New York unions sue, accusing charter schools of lowering standards for teachers

The city and state teachers unions filed a lawsuit Thursday in an effort to block dozens of New York City charter schools from being allowed to certify their own teachers, setting up a showdown between powerful unions and a group that oversees some of the state’s highest-performing charter schools.

The lawsuit argues that the State University of New York — which oversees 167 charter schools across the state — overstepped its authority by allowing its  schools to devise their own teacher certification programs. The unions argue that inexperienced and unqualified teachers will end up in front of children.

SUNY’s new policy would allow some charter schools to certify their teachers with as little as a month of classroom instruction and 40 hours of practice teaching, while eliminating a master’s degree requirement.

The head of the city teachers union, which represents few charter school teachers, said the new certification rules amount to an attack on the teaching profession and its standards.

“What we know is that every student needs a highly trained professional,” United Federation of Teachers President Michael Mulgrew said at a press conference outside the Manhattan State Supreme Court building. “It’s a political agenda to say you don’t need a highly qualified person to teach.”

The new certification policy, and the union’s lawsuit, hinge on a change in state law that gave SUNY the authority to regulate the “governance, structure and operations of charter schools.”

SUNY officials say the statute, part of a 2016 budget deal among state lawmakers, gives them the right to create a new teacher certification process. Large charter networks have cheered the change because they see their own training as better preparation than traditional higher education programs — and because it will allow them to recruit from a wider range of backgrounds.

“I think it’s very clear that the legislature gave the SUNY Charter Schools Committee the authority to make these sorts of changes,” said Joseph Belluck, chairman of the SUNY Charter Schools Committee.

But the unions contend the new policy violates other state laws governing teacher certification, and that SUNY’s interpretation of the change would let them skirt everything from fingerprinting requirements to the cap limiting the number of new charter schools that can open across the state. (They also argue the rules were not open for a sufficient period of public comment.)

“They seem to think that the legislature gave them carte blanche to do whatever they want,” said Adam Ross, the United Federation of Teachers’ general counsel, “and that can’t possibly be.”

What exactly the law permits has been a matter of controversy almost since the moment it passed.

Senate Majority Leader John Flanagan — a Republican who is a staunch charter-school supporter — took it to mean that certain charter schools would be exempt from “rules and regulations that were hampering innovative teaching and learning,” as he put it in a letter to the governor. In particular, he said, the law gave charters “flexibility on the rigid certification requirements.”

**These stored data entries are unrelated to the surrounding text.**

(* Let $G$ be a finite group and $\mathcal{H}$ a special set of subgroups of $G$ with $d_G(\mathcal{H})>1$. Let $p$ be a prime divisor of $d_G(\mathcal{H})$ and $P$ a $p$-Sylow subgroup of $G$. Then there is a subset $\mathcal{H}_P^{*}$ of $\mathcal{H}_P^{\mathrm{set}}$ which is special (as a set of subgroups of $P$) and satisfies $\#\mathcal{H}_P^{*}\geq\#\mathcal{H}$.
   Context: For a subgroup $H$ of a finite group $G$, $N^G(H):=\bigcap_{g\in G}gHg^{-1}$ is its normal core. A set $\mathcal{H}$ of subgroups of $G$ is special if $G\notin\mathcal{H}$, $\#\mathcal{H}\geq2$, and for all $H,H'\in\mathcal{H}$ with $H\neq H'$ one has $N^G(H)H'=G$ or $N^G(H')H=G$. $d_G(\mathcal{H}):=\gcd((G:H)\mid H\in\mathcal{H})$. For a subgroup $P\leq G$, $\mathcal{H}_P$ is the multiset of subgroups of $P$ consisting of $P\cap gHg^{-1}$ for every $H\in\mathcal{H}$ and every $g$ in a fixed complete set of representatives of $P\backslash G/H$; $\mathcal{H}_P^{\mathrm{set}}$ is its underlying set. *)

From mathcomp Require Import all_boot all_fingroup all_solvable.
Set Implicit Arguments. Unset Strict Implicit. Unset Printing Implicit Defensive.
Local Open Scope group_scope.

Definition ncore (gT : finGroupType) (G H : {set gT}) : {set gT} :=
  \bigcap_(g in G) (H :^ g).

Definition special_set (gT : finGroupType) (G : {group gT}) (Hs : {set {group gT}}) : Prop :=
  [/\ forall H : {group gT}, H \in Hs -> H \subset G,
      G \notin Hs,
      2 <= #|Hs|
    & forall H H' : {group gT}, H \in Hs -> H' \in Hs -> H != H' ->
        (ncore G H * H' = G) \/ (ncore G H' * H = G)].

Definition dG (gT : finGroupType) (G : {group gT}) (Hs : {set {group gT}}) : nat :=
  \big[gcdn/0]_(H in Hs) #|G : H|.

Definition double_coset_reps (gT : finGroupType) (G P H : {set gT}) (R : {set gT}) : Prop :=
  R \subset G /\
  forall x, x \in G -> exists r, [/\ r \in R, x \in (P :* r) * H &
     forall r', r' \in R -> x \in (P :* r') * H -> r' = r].

(* Underlying set of the multiset H_P: P ∩ g H g^-1 for H in Hs, g in reps H.
   Note g H g^-1 = H :^ g^-1 in mathcomp's convention (x ^ g = g^-1 x g). *)
Definition HPset (gT : finGroupType) (P : {group gT}) (Hs : {set {group gT}})
    (reps : {group gT} -> {set gT}) : {set {group gT}} :=
  [set (P :&: H :^ g^-1)%G | H in Hs, g in reps H].

From mathcomp Require Import all_boot all_fingroup all_solvable.
Set Implicit Arguments. Unset Strict Implicit. Unset Printing Implicit Defensive.
Local Open Scope group_scope.

(* For each H in the special set pick a double coset representative r with
   P :&: H :^ r^-1 a Sylow p-subgroup of H :^ r^-1, and send H to that
   intersection.  If N = N^G(H) and N * H' = G, counting p-parts gives
   (P :&: N) * (P :&: H' :^ r'^-1) = P, and P :&: N lies in the core of the
   image of H in P; so the images again satisfy the special-set condition.
   They are proper subgroups of P because p divides every index (G : H), so
   the same relation also forces the map to be injective on the special set. *)

Lemma ncore_gcore (gT : finGroupType) (G H : {set gT}) : ncore G H = gcore H G.
Proof. by []. Qed.

Lemma ncore_mul_proper (gT : finGroupType) (P Q : {group gT}) :
  Q \proper P -> ncore P Q * Q != P.
Proof.
move=> ltQP; apply: contraTneq ltQP => <-.
by rewrite properE mul_subG ?andbF // ncore_gcore gcore_sub.
Qed.

Lemma special_set_imset (gT : finGroupType) (G P : {group gT})
    (Hs : {set {group gT}}) (f : {group gT} -> {group gT}) :
    special_set G Hs ->
    {in Hs, forall H : {group gT}, f H \proper P} ->
    {in Hs &, forall H H' : {group gT}, ncore G H * H' = G -> ncore P (f H) * f H' = P} ->
  special_set P (f @: Hs) /\ #|f @: Hs| = #|Hs|.
Proof.
move=> [_ _ Hs2 specHs] ltfP fmul.
have f_inj : {in Hs &, injective f}.
  move=> H H' HsH HsH' eqf; apply/eqP/negPn/negP => neqHH'.
  have [] := specHs H H' HsH HsH' neqHH' => /fmul mulP.
  - by move: (ncore_mul_proper (ltfP H HsH)); rewrite {2}eqf mulP ?eqxx.
  - by move: (ncore_mul_proper (ltfP H' HsH')); rewrite -{2}eqf mulP ?eqxx.
have card_fHs : #|f @: Hs| = #|Hs| by rewrite card_in_imset.
split=> //; split.
- by move=> _ /imsetP[H HsH ->]; apply: proper_sub (ltfP H HsH).
- by apply/imsetP=> -[H HsH eqPf]; move: (ltfP H HsH); rewrite -eqPf properE subxx.
- by rewrite card_fHs.
- move=> _ _ /imsetP[H HsH ->] /imsetP[H' HsH' ->] neqf.
  have neqHH' : H != H' by apply: contraNneq neqf => ->.
  by case: (specHs H H' HsH HsH' neqHH') => /fmul-> //; [left | right].
Qed.

Section SylowIntersections.

Variables (gT : finGroupType) (p : nat) (G P : {group gT}).
Hypothesis sylP : p.-Sylow(G) P.

Lemma Sylow_mulI_normal (N K : {group gT}) :
    N <| G -> K \subset G -> N * K = G -> p.-Sylow(K) (P :&: K) ->
  (P :&: N) * (P :&: K) = P.
Proof.
move=> nsNG sKG mulNK sylPK.
have sylPN : p.-Sylow(N) (N :&: P) := Sylow_setI_normal nsNG sylP.
have nsNKK : N :&: K <| K by rewrite setIC (normalGI sKG nsNG).
have sylPNK : p.-Sylow(N :&: K) (N :&: K :&: (P :&: K)) :=
  Sylow_setI_normal nsNKK sylPK.
have capPNK : (P :&: N) :&: (P :&: K) = N :&: K :&: (P :&: K).
  by apply/setP=> y; rewrite !inE; do ![case: (y \in _)].
have card_PN : #|P :&: N| = (#|N|`_p)%N by rewrite setIC (card_Hall sylPN).
have card_mul := mul_cardG [group of P :&: N] [group of P :&: K].
rewrite /= capPNK (card_Hall sylPNK) (card_Hall sylPK) card_PN in card_mul.
have /eqP := congr1 (fun n => n`_p)%N (mul_cardG N K).
rewrite mulNK !partnM // card_mul -(card_Hall sylP) eqn_pmul2r ?part_gt0 //.
move=> /eqP card_P; apply/eqP; rewrite eqEcard mul_subG ?subsetIl //=.
by rewrite card_P.
Qed.

(* A Sylow subgroup of H is conjugate into P, and the property survives
   replacing the conjugating element by its representative in P\G/H. *)
Lemma double_coset_reps_Sylow (H : {group gT}) (R : {set gT}) :
    H \subset G -> double_coset_reps G P H R ->
  exists2 r, r \in R & p.-Sylow(H :^ r^-1) (P :&: H :^ r^-1).
Proof.
move=> sHG [_ repsR].
have [S sylS] := Sylow_exists p H.
have [x Gx sSPx] :=
  Sylow_subJ sylP (subset_trans (pHall_sub sylS) sHG) (pHall_pgroup sylS).
have sylPHx : p.-Sylow(H :^ x^-1) (P :&: H :^ x^-1).
  have sylSx : p.-Sylow(H :^ x^-1) (S :^ x^-1) by rewrite pHallJ2.
  have pPHx : p.-group (P :&: H :^ x^-1).
    exact: pgroupS (subsetIl _ _) (pHall_pgroup sylP).
  have sSPHx : S :^ x^-1 \subset P :&: H :^ x^-1.
    by rewrite subsetI sub_conjgV sSPx conjSg (pHall_sub sylS).
  by rewrite (sub_pHall sylSx pPHx sSPHx (subsetIr _ _)).
have [r [Rr /mulsgP[_ h /rcosetP[y Py ->] Hh def_x] _]] := repsR x Gx.
exists r => //.
rewrite def_x !invMg !conjsgM (conjGid (groupVr Hh)) in sylPHx.
by rewrite -{1}(conjGid (groupVr Py)) -conjIg pHallJ2 in sylPHx.
Qed.

Lemma Sylow_notsub_conjg (H : {group gT}) (g : gT) :
  prime p -> H \subset G -> p %| #|G : H| -> ~~ (P \subset H :^ g).
Proof.
move=> p_pr sHG p_dvd_iHG; apply/negP => /cardSg.
rewrite cardJg (card_Hall sylP) p_part pfactor_dvdn // -(Lagrange sHG).
rewrite lognM ?cardG_gt0 ?indexg_gt0 // -{2}[logn p #|H|]addn0 leq_add2l.
by rewrite leqNgt logn_gt0 mem_primes p_pr indexg_gt0 p_dvd_iHG.
Qed.

Lemma ncore_mulI_conjg (H K : {group gT}) (g x : gT) :
    g \in G -> x \in G -> ncore G H * K = G ->
    p.-Sylow(K :^ x) (P :&: K :^ x) ->
  ncore P (P :&: H :^ g) * (P :&: K :^ x) = P.
Proof.
rewrite ncore_gcore => Gg Gx mulNK sylPKx.
have sKG : K \subset G by rewrite -mulNK mulG_subr.
have nsNG : gcore H G <| G.
  by rewrite /normal gcore_norm andbT -{2}mulNK mulG_subl.
have mulNKx : gcore_group H G * (K :^ x)%G = G.
  by rewrite /= -(normsP (gcore_norm H G) x Gx) -conjsMg mulNK conjGid.
have sKxG : K :^ x \subset G by rewrite sub_conjg conjGid ?groupV.
have mulPNK := Sylow_mulI_normal nsNG sKxG mulNKx sylPKx.
apply/eqP; rewrite eqEsubset mul_subG ?subsetIl //=; last first.
  by rewrite ncore_gcore (subset_trans (gcore_sub _ _)) ?subsetIl.
rewrite -{1}mulPNK mulSg // ncore_gcore gcore_max //=.
  by rewrite setIS // (bigcap_inf g).
by rewrite normsI ?normG // (subset_trans (pHall_sub sylP)) ?normal_norm.
Qed.

End SylowIntersections.

Theorem proposition5p3 (gT : finGroupType) (G : {group gT}) (Hs : {set {group gT}})
    (p : nat) (P : {group gT}) (reps : {group gT} -> {set gT}) :
  special_set G Hs ->
  1 < dG G Hs ->
  prime p -> p %| dG G Hs ->
  P \in 'Syl_p(G) ->
  (forall H : {group gT}, H \in Hs -> double_coset_reps G P H (reps H)) ->
  exists Hstar : {set {group gT}},
    [/\ Hstar \subset HPset P Hs reps, special_set P Hstar & #|Hs| <= #|Hstar|].
Proof.
move=> specHs _ p_pr p_dvd_d; rewrite inE => sylP repsHs.
have [sHsG _ _ _] := specHs.
have p_dvd_index H : H \in Hs -> p %| #|G : H|.
  by move=> HsH; rewrite (dvdn_trans p_dvd_d) // /dG (bigD1 H) ?dvdn_gcdl.
have /fin_all_exists[r r_reps] (H : {group gT}) : exists x : gT, H \in Hs ->
    x \in reps H /\ p.-Sylow(H :^ x^-1) (P :&: H :^ x^-1).
  have [HsH | _] := boolP (H \in Hs); last by exists 1.
  by have [x] := double_coset_reps_Sylow sylP (sHsG H HsH) (repsHs H HsH); exists x.
have Gr H : H \in Hs -> (r H)^-1 \in G.
  move=> HsH; have [sRG _] := repsHs H HsH.
  by rewrite groupV (subsetP sRG) ?(r_reps H HsH).1.
pose f H := (P :&: H :^ (r H)^-1)%G.
have [specf card_f] : special_set P (f @: Hs) /\ #|f @: Hs| = #|Hs|.
  apply: (special_set_imset specHs) => [H HsH | H H' HsH HsH' /= mulNH'].
    rewrite properE subsetIl subsetI subxx /=.
    by rewrite (Sylow_notsub_conjg sylP) ?sHsG ?p_dvd_index.
  by apply: (ncore_mulI_conjg sylP); rewrite ?Gr //; apply: (r_reps H' HsH').2.
exists (f @: Hs); split; rewrite ?card_f //.
apply/subsetP => _ /imsetP[H HsH ->].
by apply: imset2_f => //; apply: (r_reps H HsH).1.
Qed.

Assembly Speaker Carl Heastie — a teachers-union ally — sent a letter in response saying that the new law does not allow SUNY to disregard existing ones. However, at the end of the 2017 legislative session, Heastie’s spokeswoman sent a statement with a more equivocal stance.

“The Assembly Majority has stated that we don’t necessarily agree with SUNY’s assessment on teacher certifications,” the spokeswoman, Kerri Biche, told Chalkbeat in July. “But that’s an interpretation for SUNY to determine.” (Heastie’s office did not immediately respond to a request for comment Thursday.)

The two sides have used the lawsuit to question each other’s motives and level broader critiques. At a press conference Thursday, union officials said the charter industry is eager to weaken teacher certification rules because they have trouble hanging on to teachers and need quick replacements, even if they’re not qualified.

James Merriman, CEO of the New York City Charter Center, said the union-backed lawsuit is an effort to protect faculty members who depend on jobs at local colleges that could be scaled back if some charter school teachers no longer need master’s degrees. (The state teachers union, which jointly filed the lawsuit, represents education professors at CUNY and SUNY schools.)

“They want to ensure that the present requirements that everyone gets a master’s is adhered to,” Merriman said. “This is not about ensuring students have a high quality teacher in front of them.”

A spokesman for the New York State United Teachers disputed that characterization.

“We care deeply about the teaching profession and ensuring that all children have a qualified teacher,” said Carl Korn, the NYSUT spokesman. “That’s our only motivation.”